My Best tips to avoid Food Poisoning

Does it seem like every week, sometimes even several times a week we are having food recalls?
Salmonella, Hepatitis, E-Coli….. it it getting harder and harder to avoid food poisoning!
Not to mention the increasing incidence of food allergies and intolerance!

Food borne illnesses can be caused by bacteria, viruses and/or parasites. They can also be caused by toxins produced by any of these issues. Sometimes, the symptoms of food poisoning manifest almost immediately and other times they may need an incubation period of hours, days or even weeks to months before we begin to feel the effects.

They may produce vomiting, nausea, fever, abdominal pain or cramping and watery stool. 
Some cases are mild and will self resolve but others may be life threatening and require immediate medical attention.

No form of food poisoning or food borne illness is pleasant, that’s for certain!

Thankfully, there are many ways to minimize the danger by taking the following precautions:

This is the most obvious one. All of us were told as children (hopefully) that the kitchen and bathroom are the most important rooms in the house and should be kept clean and sanitized.
Filling the sink with hot, soapy water whenever we are preparing food is a handy way to help keep our hands and work surfaces clean before, during and after preparing each item on the menu.
Use separate cutting boards for produce and animal products, and clean with soap and water between each use.

Cross Contamination:
This can happen when we store raw meat, fish or poultry above produce. The liquids can leak and drip down, contaminating other foods stored below.
Making it a rule to store animal products on the bottom shelf in the fridge can go a long way towards prevention.

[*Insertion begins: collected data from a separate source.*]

(* Let $X$ be an indiscrete topological space. Then for any starting points $m,l\in X$, the lion has a strategy in $X$ for the starting points $m$ (man) and $l$ (lion).
   Context: For a topological space $X$ and $x\in X$, let $P_x(X)$ be the set of continuous maps $\gamma:[0,+\infty)\to X$ with $\gamma(0)=x$. For $\gamma\in P_x(X)$ and $t\ge 0$, write $\gamma_{<t}=\gamma|_{[0,t)}$ and $\gamma_{\le t}=\gamma|_{[0,t]}$. Given starting points $m$ (man) and $l$ (lion) in $X$, a strategy for the lion is a function $S:P_m(X)\to P_l(X)$ such that (i) for each $\alpha\in P_m(X)$ there exists $t\ge 0$ with $S(\alpha)(t)=\alpha(t)$; and (ii) (no-lookahead rule) whenever $\alpha,\alpha'\in P_m(X)$ and $t\ge0$ satisfy $\alpha_{<t}=\alpha'_{<t}$, then $S(\alpha)_{\le t}=S(\alpha')_{\le t}$. The Axiom of Choice is assumed. *)

From mathcomp Require Import all_boot all_order all_algebra.
From mathcomp Require Import all_classical all_reals topology normedtype.
Set Implicit Arguments. Unset Strict Implicit. Unset Printing Implicit Defensive.
Import Order.TTheory GRing.Theory Num.Theory.
Import numFieldNormedType.Exports.
Local Open Scope classical_set_scope.
Local Open Scope ring_scope.

Definition indiscrete (X : topologicalType) : Prop :=
  forall A : set X, open A -> A = set0 \/ A = setT.

(* Paths are represented by functions R -> X; only their values on [0,+oo)
   matter.  gamma is in P_x(X) iff it is continuous on [0,+oo) (subspace
   topology) and gamma 0 = x. *)
Definition is_path (R : realType) (X : topologicalType) (x : X) (g : R -> X)
  : Prop :=
  {within [set t : R | 0 <= t], continuous g} /\ g 0 = x.

Definition agree_lt (R : realType) (X : Type) (t : R) (f g : R -> X) : Prop :=
  forall s, 0 <= s -> s < t -> f s = g s.

Definition agree_le (R : realType) (X : Type) (t : R) (f g : R -> X) : Prop :=
  forall s, 0 <= s -> s <= t -> f s = g s.

(* A lion strategy: a map on paths (its values on non-paths are irrelevant). *)
Definition lion_strategy (R : realType) (X : topologicalType) (m l : X)
  (S : (R -> X) -> (R -> X)) : Prop :=
  (forall a, is_path m a -> is_path l (S a)) /\
  (forall a, is_path m a -> exists t : R, 0 <= t /\ S a t = a t) /\
  (forall a a' (t : R), is_path m a -> is_path m a' -> 0 <= t ->
      agree_lt t a a' -> agree_le t (S a) (S a')).

Definition lion_has_strategy (R : realType) (X : topologicalType) (m l : X)
  : Prop := exists S : (R -> X) -> (R -> X), lion_strategy m l S.

From mathcomp Require Import all_boot all_order all_algebra.
From mathcomp Require Import all_classical all_reals topology normedtype.
From Stdlib Require Import ClassicalEpsilon.
Set Implicit Arguments. Unset Strict Implicit. Unset Printing Implicit Defensive.
Import Order.TTheory GRing.Theory Num.Theory.
Local Open Scope classical_set_scope.
Local Open Scope ring_scope.

(* In an indiscrete space every map is continuous, so the lion may jump, and
   it only has to look at the germ of the man's path at time 0.  Choose, by
   the axiom of choice, a representative of every class of sequences modulo
   eventual equality; at a time t in (1/(k+1), 1/k] the lion sits at the k-th
   term of the representative of the class of (a(1/j))_j.  Two man paths that
   agree on some [0, t) with t > 0 give the same class, hence the same lion
   path; and since the representative eventually coincides with (a(1/j))_j,
   the lion is on the man at time 1/N for N large. *)

Lemma indiscrete_continuous (T X : topologicalType) (f : T -> X) :
  indiscrete X -> continuous f.
Proof.
move=> hX x B; rewrite nbhsE => -[U [oU Ufx] UB].
case: (hX U oU) => U_eq; first by rewrite U_eq in Ufx.
by apply: (filterS _ filterT) => y _; apply: UB; rewrite U_eq.
Qed.

Section ClassRepresentative.
Variables (T : Type) (x0 : T) (e : T -> T -> Prop).
Hypotheses (e_refl : forall x, e x x) (e_sym : forall x y, e x y -> e y x)
  (e_trans : forall x y z, e x y -> e y z -> e x z).

Definition class_rep (x : T) : T := epsilon (inhabits x0) (e^~ x).

Lemma class_repP x : e (class_rep x) x.
Proof. exact: (epsilon_spec (inhabits x0) (e^~ x) (ex_intro _ x (e_refl x))). Qed.

Lemma class_rep_eq x y : e x y -> class_rep x = class_rep y.
Proof.
move=> exy; rewrite /class_rep; congr epsilon.
apply: funext => z; apply: propext; split => [ezx|ezy].
- exact: e_trans ezx exy.
- exact: e_trans ezy (e_sym exy).
Qed.

End ClassRepresentative.

Definition eventually_eq (X : Type) (u v : nat -> X) : Prop :=
  \forall n \near \oo, u n = v n.

Lemma eventually_eq_refl (X : Type) (u : nat -> X) : eventually_eq u u.
Proof. exact: nearW. Qed.

Lemma eventually_eq_sym (X : Type) (u v : nat -> X) :
  eventually_eq u v -> eventually_eq v u.
Proof. by apply: filterS. Qed.

Lemma eventually_eq_trans (X : Type) (u v w : nat -> X) :
  eventually_eq u v -> eventually_eq v w -> eventually_eq u w.
Proof. by apply: filterS2 => n ->. Qed.

Section IndiscreteLion.
Variables (R : realType) (X : topologicalType) (l : X).

Definition germ_rep : (nat -> X) -> nat -> X :=
  class_rep (fun=> l) (@eventually_eq X).

Lemma germ_repP u : eventually_eq (germ_rep u) u.
Proof. exact: (class_repP _ (@eventually_eq_refl X)). Qed.

Lemma germ_rep_eq u v : eventually_eq u v -> germ_rep u = germ_rep v.
Proof. exact: (class_rep_eq _ (@eventually_eq_sym X) (@eventually_eq_trans X)). Qed.

Definition samples (a : R -> X) (j : nat) : X := a j%:R^-1.

(* At a time t in (1/(k+1), 1/k] we have [truncn t^-1 = k]. *)
Definition germ_strategy (a : R -> X) (t : R) : X :=
  if 0 < t then germ_rep (samples a) (Num.truncn t^-1) else l.

Lemma germ_strategy_path a : indiscrete X -> is_path l (germ_strategy a).
Proof.
move=> hX; split; first exact/continuous_subspaceT/indiscrete_continuous.
by rewrite /germ_strategy ltxx.
Qed.

Lemma germ_strategy_catches a : exists t : R, 0 <= t /\ germ_strategy a t = a t.
Proof.
have [N _ repN] := germ_repP (samples a) : \forall n \near \oo, _.
exists N.+1%:R^-1; rewrite invr_ge0 ler0n; split => //.
rewrite /germ_strategy invr_gt0 ltr0Sn invrK natrK; exact: repN (leqnSn N).
Qed.

Lemma agree_lt_samples a a' (t : R) : 0 < t -> agree_lt t a a' ->
  eventually_eq (samples a) (samples a').
Proof.
move=> t_gt0 aa'; exists (Num.truncn t^-1).+1 => // j /= jt.
apply: aa'; first by rewrite invr_ge0 ler0n.
rewrite -[t]invrK ltf_pV2 ?posrE ?invr_gt0 ?ltr0n //; last first.
  by apply: leq_trans jt.
by apply: lt_le_trans (truncnS_gt _) _; rewrite ler_nat.
Qed.

Lemma germ_strategy_no_lookahead a a' (t : R) : agree_lt t a a' ->
  agree_le t (germ_strategy a) (germ_strategy a').
Proof.
move=> aa' s s_ge0 s_le_t; rewrite /germ_strategy.
case: ifPn => // s_gt0.
have t_gt0 : 0 < t by apply: lt_le_trans s_le_t.
by rewrite (germ_rep_eq (agree_lt_samples t_gt0 aa')).
Qed.

End IndiscreteLion.

Theorem mainTheorem3 (R : realType) (X : topologicalType) :
  indiscrete X -> forall m l : X, lion_has_strategy R m l.
Proof.
move=> hX m l; exists (@germ_strategy R X l); split; [|split].
- by move=> a _; apply: germ_strategy_path.
- by move=> a _; apply: germ_strategy_catches.
- by move=> a a' t _ _ _; apply: germ_strategy_no_lookahead.
Qed.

Using a plate or paper towel under fresh meats can also help keep the juices from puddling up and reaching other products during storage.
Any fruits or veggies stored should either be on a higher shelf or in a drawer with the humidity set to be appropriate for that type of produce. Maintaining proper venting in the drawers will keep the juicier fruits and veggies from dehydrating too quickly.

Proper ‘Done’ temperatures:

Cooking food to the proper temperature is very important. Here is a link to reliable Food Safety site where each is listed.

Proper storage after cooking:
Be sure to refrigerate or freeze leftover foods promptly. Never leaved foods out more then 1-2 hours, the warmer the kitchen the sooner that foods needs to be put away!

Defrost your food safely:
The best way to safely defrost frozen food is to allow it to slowly defrost in the fridge. Second best is to use the defrost setting on the microwave and then cook promptly. Cold water thawing is okay as long as the package is sealed and cold water is changed often. Leaving it on the counter or using warm water and/or allowing the cold water to get warm is never a good idea!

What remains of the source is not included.